WHAT THE EXERCISE ASKS.
When the line containing "have deps_le := opnormBP" appears in the data below, begin copying there and stop only after the line containing "have A21_le X".

STUDY MATERIAL.
--------------------------------

Lemma aform_sub_le mu1 mu2 eps1 eps2 dmu deps u v : 0 <= dmu -> 0 <= deps ->
  (forall x, ipnorm ip0 (mu1 x - mu2 x) <= dmu * ipnorm ip0 x) ->
  (forall x, ipnorm ip0 (eps1 x - eps2 x) <= deps * ipnorm ip0 x) ->
  cmod (a mu2 eps2 u v - a mu1 eps1 u v) <= (dmu + deps) * ipnorm ip u * ipnorm ip v.
Proof.
move=> dmu_ge0 deps_ge0 mu_le eps_le.
rewrite aform_subE [dmu + deps]addrC !mulrDl; apply: le_trans (cmodB _ _) (lerD _ _).
  apply: le_trans _ (contraction_le iota_le deps_ge0).
  exact: cmod_ip_op_le (fun x => eps1 x - eps2 x) _ _ _ hip0 eps_le.
apply: le_trans _ (contraction_le DD_le dmu_ge0).
exact: cmod_ip_op_le (fun x => mu1 x - mu2 x) _ _ _ hip0 mu_le.
Qed.

Lemma aform_sub_eps_le mu eps1 eps2 deps u v :
  (forall x, ipnorm ip0 (eps1 x - eps2 x) <= deps * ipnorm ip0 x) ->
  cmod (a mu eps2 u v - a mu eps1 u v) <=
  deps * ipnorm ip0 (iota u) * ipnorm ip0 (iota v).
Proof.
move=> eps_le; rewrite aform_subE subrr (ip0l hip0) subr0.
exact: cmod_ip_op_le (fun x => eps1 x - eps2 x) _ _ _ hip0 eps_le.
Qed.

End ModelForms.

Theorem theorem4p2 (R : realType) (H H0 : lmodType R[i])
  (ip : H -> H -> R[i]) (ip0 : H0 -> H0 -> R[i]) (iota : H -> H0)
  (DD : H -> H0) (b : H -> H -> R[i])
  (mu1inv mu2inv eps1 eps2 : H0 -> H0)
  (A1inv : (H -> R[i]) -> H)
  (phi : forall N : nat, 'I_N -> H) (C1 : R) :
  (* standing assumptions *)
  hilbert ip -> hilbert ip0 ->
  is_linear iota -> injective iota ->
  (forall v, ipnorm ip0 (iota v) <= ipnorm ip v) ->
  is_linear DD -> (forall u, ipnorm ip0 (DD u) <= ipnorm ip u) ->
  is_sesquilinear b -> bounded_form ip b ->
  is_linear mu1inv -> bounded_op ip0 ip0 mu1inv ->
  is_linear mu2inv -> bounded_op ip0 ip0 mu2inv ->
  is_linear eps1 -> bounded_op ip0 ip0 eps1 ->
  is_linear eps2 -> bounded_op ip0 ip0 eps2 ->
  (exists CG1 CG2 : R, [/\ 0 < CG1, 0 < CG2 & forall v : H,
     CG1 * ipnorm ip v ^+ 2 <=
       cmod (aform ip0 iota DD b mu1inv eps1 v v + (CG2 * ipnorm ip0 (iota v) ^+ 2)%:C%C)]) ->
  (exists CG1 CG2 : R, [/\ 0 < CG1, 0 < CG2 & forall v : H,
     CG1 * ipnorm ip v ^+ 2 <=
       cmod (aform ip0 iota DD b mu2inv eps2 v v + (CG2 * ipnorm ip0 (iota v) ^+ 2)%:C%C)]) ->
  (* A_1 : H -> H^* is invertible, with (bounded) inverse A1inv : H^* -> H *)
  (forall u : H, A1inv (opA (aform ip0 iota DD b mu1inv eps1) u) = u) ->
  (forall f : H -> R[i], in_dual ip f ->
     opA (aform ip0 iota DD b mu1inv eps1) (A1inv f) = f) ->
  (exists M : R, forall f : H -> R[i], in_dual ip f ->
     ipnorm ip (A1inv f) <= M * dualnorm ip f) ->
  (* the discrete spaces H_N = span (phi N), of dimension N *)
  (forall N : nat, (0 < N)%N -> lin_indep (phi N)) ->
  0 < C1 ->
  (forall N : nat, (0 < N)%N ->
     infsup ip (aform ip0 iota DD b mu1inv eps1) (phi N)
       >= 1 / (C1 * inv_opnorm ip A1inv)) ->
  (forall N : nat, (0 < N)%N -> forall v : H, inspan (phi N) v -> v <> 0 ->
     0 < sup [set x : R | exists u : H, [/\ inspan (phi N) u, u <> 0 &
              x = cmod (aform ip0 iota DD b mu1inv eps1 u v)]]) ->
  (opnorm ip0 ip0 (fun v => mu1inv v - mu2inv v)
     + opnorm ip0 ip0 (fun v => eps1 v - eps2 v)) * C1 * inv_opnorm ip A1inv
     <= 1 / 2 ->
  forall (N : nat) (DM : 'M[R[i]]_N), (0 < N)%N ->
  herm_posdef DM ->
  (forall X : 'cV[R[i]]_N, ipnorm ip (comb (phi N) X) = vnormM DM X) ->
  let A1 := galerkin (aform ip0 iota DD b mu1inv eps1) (phi N) in
  let A2 := galerkin (aform ip0 iota DD b mu2inv eps2) (phi N) in
  [/\ A2 \in unitmx,
      Num.max (mnorm (vnormM DM) (1%:M - invmx A2 *m A1))
              (mnorm (vnormM (invmx DM)) (1%:M - A1 *m invmx A2))
        <= 2 * (opnorm ip0 ip0 (fun v => mu1inv v - mu2inv v)
                 + opnorm ip0 ip0 (fun v => eps1 v - eps2 v))
             * C1 * inv_opnorm ip A1inv
    & mu1inv = mu2inv ->
      forall m_minus m_plus : R, 0 < m_minus -> 0 < m_plus ->
      (forall X : 'cV[R[i]]_N,
         m_minus * vnorm2 X <= ipnorm ip0 (iota (comb (phi N) X)) <= m_plus * vnorm2 X) ->
      Num.max (mnorm (@vnorm2 R N) (1%:M - invmx A2 *m A1))
              (mnorm (@vnorm2 R N) (1%:M - A1 *m invmx A2))
        <= 2 * (m_plus / m_minus) * opnorm ip0 ip0 (fun v => eps1 v - eps2 v)
             * C1 * inv_opnorm ip A1inv].
Proof.
move=> [hip _] [hip0 _] iota_lin _ iota_le DD_lin DD_le b_ses b_bd mu1_lin mu1_bd mu2_lin mu2_bd
  eps1_lin eps1_bd eps2_lin eps2_bd _ _ A1invK _ A1inv_bd _ C1_gt0 infsup_ge _ small
  N D N_gt0 hD combE A1 A2.
set dmu := opnorm ip0 ip0 _ in small *; set deps := opnorm ip0 ip0 _ in small *.
set k := C1 * inv_opnorm ip A1inv in infsup_ge small *.
have a1_ses := aform_sesquilinear hip0 iota_lin DD_lin b_ses mu1_lin eps1_lin.
have a2_ses := aform_sesquilinear hip0 iota_lin DD_lin b_ses mu2_lin eps2_lin.
have dmu_le := opnormBP hip0 mu1_lin mu2_lin mu1_bd mu2_bd.
have deps_le := opnormBP hip0 eps1_lin eps2_lin eps1_bd eps2_bd.
have [dmu_ge0 deps_ge0] : 0 <= dmu /\ 0 <= deps by split; apply: opnorm_ge0.
have a1_bd : bounded_form ip (aform ip0 iota DD b mu1inv eps1) by apply: aform_bounded.
have k_gt0 : 0 < k.
  rewrite mulr_gt0 //; exact: (inv_opnorm_gt0 hip a1_ses a1_bd A1invK A1inv_bd
    (comb_neq0 hip hD combE (const_mx1_neq0 N_gt0))).
have A1_stable := infsup_galerkin_stable hip a1_ses hD combE k_gt0 (infsup_ge N N_gt0).
have A21_le X : vnormM (invmx D) ((A2 - A1) *m X) <= (dmu + deps) * vnormM D X.
  apply: vnormM_invmx_le_dual => // [|Y]; first by rewrite mulr_ge0 ?addr_ge0 ?sqrtr_ge0.
  by rewrite galerkin_subE // -!combE aform_sub_le.
have dk_le : (dmu + deps) * k <= 1 / 2 by rewrite mulrA.
have [A2_unit invA2_le mnormD_le] :=
  vnormM_perturbation N_gt0 hD k_gt0 (addr_ge0 dmu_ge0 deps_ge0) dk_le A1_stable A21_le.
split=> //; first by rewrite -mulrA -/k.
move=> mu_eq m_minus m_plus m_minus_gt0 m_plus_gt0 m_bounds.
set q := fun X => ipnorm ip0 (iota (comb (phi N) X)).
have q_le X : q X <= vnormM D X by rewrite -combE; apply: iota_le.
have A21_dot2_le X Y : cmod (dot2 ((A2 - A1) *m X) Y) <= deps * q X * q Y.
  by rewrite galerkin_subE // -mu_eq aform_sub_eps_le.
have kappa_ge0 : 0 <= 2 * k by rewrite mulr_ge0 ?ltW.
have -> : 2 * (m_plus / m_minus) * deps * C1 * inv_opnorm ip A1inv
          = 2 * k / m_minus * (deps * m_plus) by rewrite /k; ring.
exact: (mnorm2_subr_invmx_le hD A2_unit kappa_ge0 deps_ge0 m_minus_gt0 m_plus_gt0
  invA2_le m_bounds q_le A21_dot2_le N_gt0).
Qed.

--------------------------------

ANSWER SPACE.
have deps_le := opnormBP hip0 eps1_lin eps2_lin eps1_bd eps2_bd.
have [dmu_ge0 deps_ge0] : 0 <= dmu /\ 0 <= deps by split; apply: opnorm_ge0.
have a1_bd : bounded_form ip (aform ip0 iota DD b mu1inv eps1) by apply: aform_bounded.
have k_gt0 : 0 < k.
  rewrite mulr_gt0 //; exact: (inv_opnorm_gt0 hip a1_ses a1_bd A1invK A1inv_bd
    (comb_neq0 hip hD combE (const_mx1_neq0 N_gt0))).
have A1_stable := infsup_galerkin_stable hip a1_ses hD combE k_gt0 (infsup_ge N N_gt0).
have A21_le X : vnormM (invmx D) ((A2 - A1) *m X) <= (dmu + deps) * vnormM D X.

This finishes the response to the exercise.